Commodity markets lurched violently from one extreme to the other this week as sentiment was buffeted by the twin crises in Japan and Libya.
The benchmark index of the price of raw materials from crude oil to cotton, the Reuters-Jefferies CRB index, plunged 4.1 per cent in the first three days of the week as investors sold commodities indiscriminately amid fears about the fallout of the unfolding nuclear crisis in Japan.
But the index bounced back 3.7 per cent in the second half of the week, led by oil which rose on the prospect of military action in Libya. By late on Friday, the CRB was trading down 0.3 per cent on the week.
Sentiment shifted from panicked selling early in the week to a nascent bullishness by the week’s end, as investors guessed the effects of the Japanese quake and nuclear crisis and thought them positive or neutral for most commodities.
“While recent developments in north Africa and the Middle East, as well as the shocking tragedy in Japan, have significantly increased the risks to our global economic outlook, the macroeconomic backdrop to commodity markets remains supportive,” said analysts at Credit Suisse.
Analysts forecast that events in Japan would be broadly positive for commodities demand, since a rebuilding effort is likely to consume large quantities of industrial commodities such as copper, steel and zinc. However, the long-lasting effects of the tragedy will be most strongly felt by the energy markets, analysts said.

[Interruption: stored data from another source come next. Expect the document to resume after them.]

Lemma sat_Narrow_R V x a : sat R_gt1 V x (Narrow a) <->
  forall y z, sat R_gt1 V y a -> sat R_gt1 V z a -> ~ R_gt1 y z.
Proof.
  unfold Narrow. rewrite sat_Box2_R. split.
  - intros H y z Hy Hz Hyz.
    assert (Hbox : sat R_gt1 V y (Box (Neg a))) by exact (H y Hy).
    exact (proj1 (sat_Box _ _ _ _ _) Hbox z Hyz Hz).
  - intros H y Hy. apply sat_Box. intros z Hyz Hz. exact (H y z Hy Hz Hyz).
Qed.

Lemma sat_alpha_R V x : sat R_gt1 V x alpha <->
  (forall y z, V 0%nat y \/ V 1%nat y -> V 0%nat z \/ V 1%nat z -> ~ R_gt1 y z) /\
  (exists z, V 0%nat z) /\ (exists z, V 1%nat z) /\
  (forall y z, sat R_gt1 V y (T 1) -> sat R_gt1 V z (T 1) -> ~ R_gt1 y z) /\
  (exists z, sat R_gt1 V z (T 1)) /\ (exists z, sat R_gt1 V z (T 2)).
Proof.
  unfold alpha. rewrite !sat_And, !sat_Narrow_R, !sat_Dia2_R.
  setoid_rewrite sat_Or. reflexivity.
Qed.

Definition is_inf (A : R -> Prop) (u : R) : Prop :=
  (forall y, A y -> u <= y) /\ (forall e, 0 < e -> exists y, A y /\ y < u + e).

Lemma is_inf_greatest A u l : is_inf A u -> (forall y, A y -> l <= y) -> l <= u.
Proof.
  intros [_ Happrox] Hl. apply Rnot_lt_le; intro Hu.
  destruct (Happrox (l - u)) as [y [Hy Hyu]]; [lra|]. specialize (Hl y Hy). lra.
Qed.

Lemma is_inf_exists A y0 l : A y0 -> (forall y, A y -> l <= y) -> exists u, is_inf A u.
Proof.
  intros Hy0 Hl.
  destruct (completeness (fun z => A (- z))) as [s [Hub Hleast]].
  - exists (- l). intros z Hz. specialize (Hl _ Hz). lra.
  - exists (- y0). rewrite Ropp_involutive. exact Hy0.
  - exists (- s). split.
    + intros y Hy. assert (- y <= s) by (apply Hub; rewrite Ropp_involutive; exact Hy). lra.
    + intros e He. apply NNPP; intro Hno.
      assert (Hub' : is_upper_bound (fun z => A (- z)) (s - e)).
      { intros z Hz. apply Rnot_lt_le; intro Hzs.
        apply Hno. exists (- z). split; [exact Hz | lra]. }
      specialize (Hleast _ Hub'). lra.
Qed.

Definition spans (A : R -> Prop) (u v : R) : Prop := is_inf A u /\ forall y, A y -> y <= v.

Lemma spans_interval (A : R -> Prop) u v : u < v ->
  (forall x, A x <-> u < x <= v) -> spans A u v.
Proof.
  intros Huv HA. repeat split.
  - intros y Hy. apply HA in Hy. lra.
  - intros e He. destruct (Rle_dec e (v - u)).
    + exists (u + e / 2). rewrite HA. split; lra.
    + exists v. rewrite HA. split; lra.
  - intros y Hy. apply HA in Hy. lra.
Qed.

European natural gas and coal markets jumped this week as countries began to re-evaluate their plans for nuclear power. Benchmark UK natural gas prices for April delivery rose as much as 14.6 per cent after the earthquake struck before softening to 61.75 pence per therm – up 7.2 per cent since the previous Thursday. Thermal coal for delivery to European ports in May was up 5.6 per cent during the week.
Uranium, on the other hand, plunged 27 per cent on the spot market as forecasts of a “nuclear renaissance” rapidly faded.

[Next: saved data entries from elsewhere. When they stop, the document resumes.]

(* a_k |n> = sqrt(n_k) |n - e_k>  (coefficient 0 if n_k = 0) *)
Definition ann (R : rcfType) (k : nat) (v : fvec R) : fvec R :=
  [seq (x.1 * Num.sqrt (count_mem k x.2)%:R, rem k x.2) | x <- v].

Definition vac (R : rcfType) : fvec R := [:: (1, [::])].

Definition fscale (R : rcfType) (c : R) (v : fvec R) : fvec R :=
  [seq (c * x.1, x.2) | x <- v].

(* inner product: occupation-number configurations are orthonormal;
   all coefficients are real here so no conjugation is needed *)
Definition fdot (R : rcfType) (u v : fvec R) : R :=
  \sum_(x <- u) \sum_(y <- v) x.1 * y.1 * (perm_eq x.2 y.2)%:R.

Definition adags (R : rcfType) (ks : seq nat) (v : fvec R) : fvec R :=
  foldr (@adag R) v ks.
Definition anns (R : rcfType) (ls : seq nat) (v : fvec R) : fvec R :=
  foldr (@ann R) v ls.

Definition sym_state (R : rcfType) (N : nat) (i : 'I_N -> nat) : fvec R :=
  fscale (Num.sqrt (N`!)%:R)^-1 (adags [seq i a | a <- enum 'I_N] (vac R)).

Definition pdelta (R : rcfType) (s t : seq nat) : R :=
  let L := size s in
  ((L`!)%:R)^-1 *
    \sum_(sg : 'S_L) \prod_(q < L) (nth 0%N s q == nth 0%N t (sg q))%:R.

Definition sublist (N : nat) (i : 'I_N -> nat) (A : {set 'I_N}) : seq nat :=
  [seq i a | a <- enum A].

(* Every vector in sight is a single occupation-number configuration, so both
   sides have closed forms.  Let mfact s be the product of the factorials of
   the multiplicities in the word s (the number of permutations of positions
   fixing s) and [s ~ t] the indicator that t is a permutation of s.  The
   state |i> is sqrt (mfact i / N!) times the configuration i, and each ladder
   operator contributes the square root of an occupation number, so the left
   side is [i ~ k ++ (j - l)] * w_k * w_l * mfact (j - l) / N!, where j - l is
   the multiset difference and w_k, w_l collect the occupation numbers met by
   the creators and the annihilators.  On the right,
   delta(s; t) = [s ~ t] * mfact s / |s|!, and the double sum over A, B
   collapses by the splitting identity
     sum_A [K ~ u_A] [u_(A^c) ~ D] mfact K mfact D = [K ++ D ~ u] mfact u,
   used first over the positions of j and then over those of i. *)

From HB Require Import structures.
From mathcomp Require Import all_boot all_order all_algebra all_fingroup.
From mathcomp Require Import ring zify.
Import Order.TTheory GRing.Theory Num.Theory.

Set Implicit Arguments.
Unset Strict Implicit.
Unset Printing Implicit Defensive.

Fixpoint masks n : seq bitseq :=
  if n is n'.+1 then [seq true :: m | m <- masks n'] ++ [seq false :: m | m <- masks n']
  else [:: [::]].

Lemma mem_masks n m : (m \in masks n) = (size m == n).
Proof.
have mem_map_cons c b m' s : (b :: m' \in [seq c :: x | x <- s]) = (b == c) && (m' \in s).
  by apply/mapP/andP => [[x xs [-> ->]]|[/eqP -> m's]]; [split | exists m'].
elim: n m => [|n IH] [|b m] //=; rewrite mem_cat.
  by apply/negbTE; rewrite negb_or; apply/andP; split; apply/mapP => -[].
by rewrite !mem_map_cons eqSS -IH; case: b; rewrite ?orbF.
Qed.

Lemma masks_uniq n : uniq (masks n).
Proof.
have cons_inj (c : bool) : injective (cons c) by move=> x y [].
elim: n => //= n IH; rewrite cat_uniq !map_inj_uniq // IH andbT.
by apply/hasPn => _ /mapP[m _ ->]; apply/mapP => -[].
Qed.

Section Multisets.

Variable T : eqType.
Implicit Types (x : T) (s t u K D ks ls ii jj : seq T) (m : bitseq).

Fixpoint mfact s : nat :=
  if s is x :: s' then (count_mem x s').+1 * mfact s' else 1.

Lemma mfact_prod s u :
  uniq u -> {subset s <= u} -> mfact s = \prod_(x <- u) (count_mem x s)`!.
Proof.
elim: s => [|x s IH] Uu Su /=.
  by rewrite big1_seq // => y _; rewrite count_pred0.
have xu : x \in u by apply: Su; rewrite mem_head.
rewrite IH // => [|y ys]; last by apply: Su; rewrite inE ys orbT.
rewrite (bigD1_seq x) //= (bigD1_seq x (r := u)) //= eqxx add1n factS mulnA.
by congr (_ * _); apply: eq_bigr => y /negbTE yx; rewrite eq_sym yx.
Qed.

Lemma mfact_perm s t : perm_eq s t -> mfact s = mfact t.
Proof.
move=> st; have U := undup_uniq (s ++ t).
rewrite (mfact_prod U) ?(mfact_prod U) => [|y yt|y ys]; last 2 first.
- by rewrite mem_undup mem_cat yt orbT.
- by rewrite mem_undup mem_cat ys.
by apply: eq_bigr => y _; move/seq.permP: st => ->.
Qed.

Lemma mfact_rem x s : x \in s -> mfact s = count_mem x s * mfact (rem x s).
Proof.
move=> xs; rewrite (mfact_perm (perm_to_rem xs)) /=.
by rewrite (seq.permP (perm_to_rem xs)) /= eqxx add1n.
Qed.

Lemma perm_cons_rem x s t : perm_eq s (x :: t) = (x \in s) && perm_eq (rem x s) t.
Proof.
have [xs|xs] := boolP (x \in s); first by rewrite (permPl (perm_to_rem xs)) perm_cons.
by apply/negbTE/negP => /perm_mem /(_ x); rewrite mem_head (negbTE xs).
Qed.

Definition rems ls u : seq T := foldr (@rem T) u ls.

Fixpoint adags_weight ks u : nat :=
  if ks is k :: ks' then (count_mem k (ks' ++ u)).+1 * adags_weight ks' u else 1.

Fixpoint anns_weight ls u : nat :=
  if ls is l :: ls' then count_mem l (rems ls' u) * anns_weight ls' u else 1.

Lemma adags_weightE ks u : adags_weight ks u * mfact u = mfact (ks ++ u).
Proof. by elim: ks => [|k ks IH] /=; rewrite ?mul1n // -mulnA IH. Qed.

Lemma adags_weight_nil ks : adags_weight ks [::] = mfact ks.
Proof. by rewrite -(muln1 (adags_weight ks [::])) (adags_weightE ks [::]) cats0. Qed.

Lemma anns_weightE ls u :
  anns_weight ls u != 0 -> anns_weight ls u * mfact (rems ls u) = mfact u.
Proof.
elim: ls => [|l ls IH] /=; first by rewrite mul1n.
rewrite muln_eq0 negb_or => /andP[l_in /IH <-].
rewrite -lt0n -has_count has_pred1 in l_in.
by rewrite (mfact_rem l_in); ring.
Qed.

Lemma perm_cat_rems ls D u :
  perm_eq (ls ++ D) u = (anns_weight ls u != 0) && perm_eq D (rems ls u).
Proof.
elim: ls D => [|l ls IH] D //=.
have /permPl -> : perm_eq (l :: ls ++ D) (ls ++ l :: D).
  by rewrite -cat1s perm_catCA.
rewrite IH [perm_eq (l :: D) _]perm_sym perm_cons_rem muln_eq0 negb_or.
rewrite -(lt0n (count_mem l _)) -has_count has_pred1 [perm_eq (rem _ _) D]perm_sym.
by rewrite andbCA andbA.
Qed.

Lemma perm_cat_cons x K D u :
  x \in K -> perm_eq (K ++ D) (x :: u) = perm_eq (rem x K ++ D) u.
Proof.
move=> xK; have /permPl -> : perm_eq (K ++ D) (x :: rem x K ++ D).
  by rewrite -cat_cons perm_cat2r perm_to_rem.
by rewrite perm_cons.
Qed.

Lemma sum_masks_split u K D :
  \sum_(m <- masks (size u))
     perm_eq K (mask m u) * perm_eq (mask (map negb m) u) D * mfact K * mfact D
  = perm_eq (K ++ D) u * mfact u.
Proof.
elim: u K D => [|x u IH] K D /=.
  rewrite big_seq1 /=.
  have perm_nil s : perm_eq s [::] = nilp s by apply/perm_nilP/nilP.
  by case: K => [|a K]; case: D => [|b D];
    rewrite //= ?perm_nil ?(perm_sym [::]) ?perm_nil ?muln0.
rewrite big_cat !big_map /=.
have -> : \sum_(m <- masks (size u))
    perm_eq K (x :: mask m u) * perm_eq (mask (map negb m) u) D * mfact K * mfact D
    = count_mem x K * (perm_eq (K ++ D) (x :: u) * mfact u).
  have [xK|xK] := boolP (x \in K); last first.
    by rewrite (count_memPn xK) big1_seq // => m _; rewrite perm_cons_rem (negbTE xK).
  rewrite perm_cat_cons // -IH big_distrr; apply: eq_bigr => m _.
  by rewrite perm_cons_rem xK (mfact_rem xK) /=; ring.
have -> : \sum_(m <- masks (size u))
    perm_eq K (mask m u) * perm_eq (x :: mask (map negb m) u) D * mfact K * mfact D
    = count_mem x D * (perm_eq (K ++ D) (x :: u) * mfact u).
  have [xD|xD] := boolP (x \in D); last first.
    rewrite (count_memPn xD) big1_seq // => m _.
    by rewrite [perm_eq (x :: _) D]perm_sym perm_cons_rem (negbTE xD) muln0.
  rewrite (perm_catC K D) perm_cat_cons // (perm_catC _ K) -IH big_distrr.
  apply: eq_bigr => m _.
  rewrite [perm_eq _ D]perm_sym perm_cons_rem xD [perm_eq _ (rem x D)]perm_sym.
  by rewrite (mfact_rem xD) /=; ring.
rewrite -mulnDl.
have [KDu|] := boolP (perm_eq (K ++ D) (x :: u)); last by rewrite !mul0n muln0.
move/seq.permP: KDu => /(_ (pred1 x)); rewrite count_cat /= eqxx add1n => ->.
by rewrite !mul1n.
Qed.

(* N! times the summand of the right-hand side at the subsets with masks m, m'. *)
Definition split_weight ii jj ks ls m m' : nat :=
  perm_eq ks (mask m ii) * perm_eq ls (mask m' jj) *
  perm_eq (mask (map negb m) ii) (mask (map negb m') jj) *
  mfact ks * mfact ls * mfact (mask (map negb m) ii).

Agricultural commodities were among the strongest performers in the latter half of the week as investors began to focus on the prospect of large Chinese imports for crops such as soyabeans and the possibility of dry conditions in parts of the US during the crucial spring planting season. Corn futures in Chicago surged 10.7 per cent on Thursday and Friday to $6.8225 a bushel, ending the week almost flat.
Gold was also a beneficiary of the reversal of sentiment – as well as the escalating political crisis in the Middle East and the move by G7 finance ministers to intervene in the currency markets. From a low of $1,380.90 a troy ounce on Friday, gold rose 2.5 per cent to $1,416.10.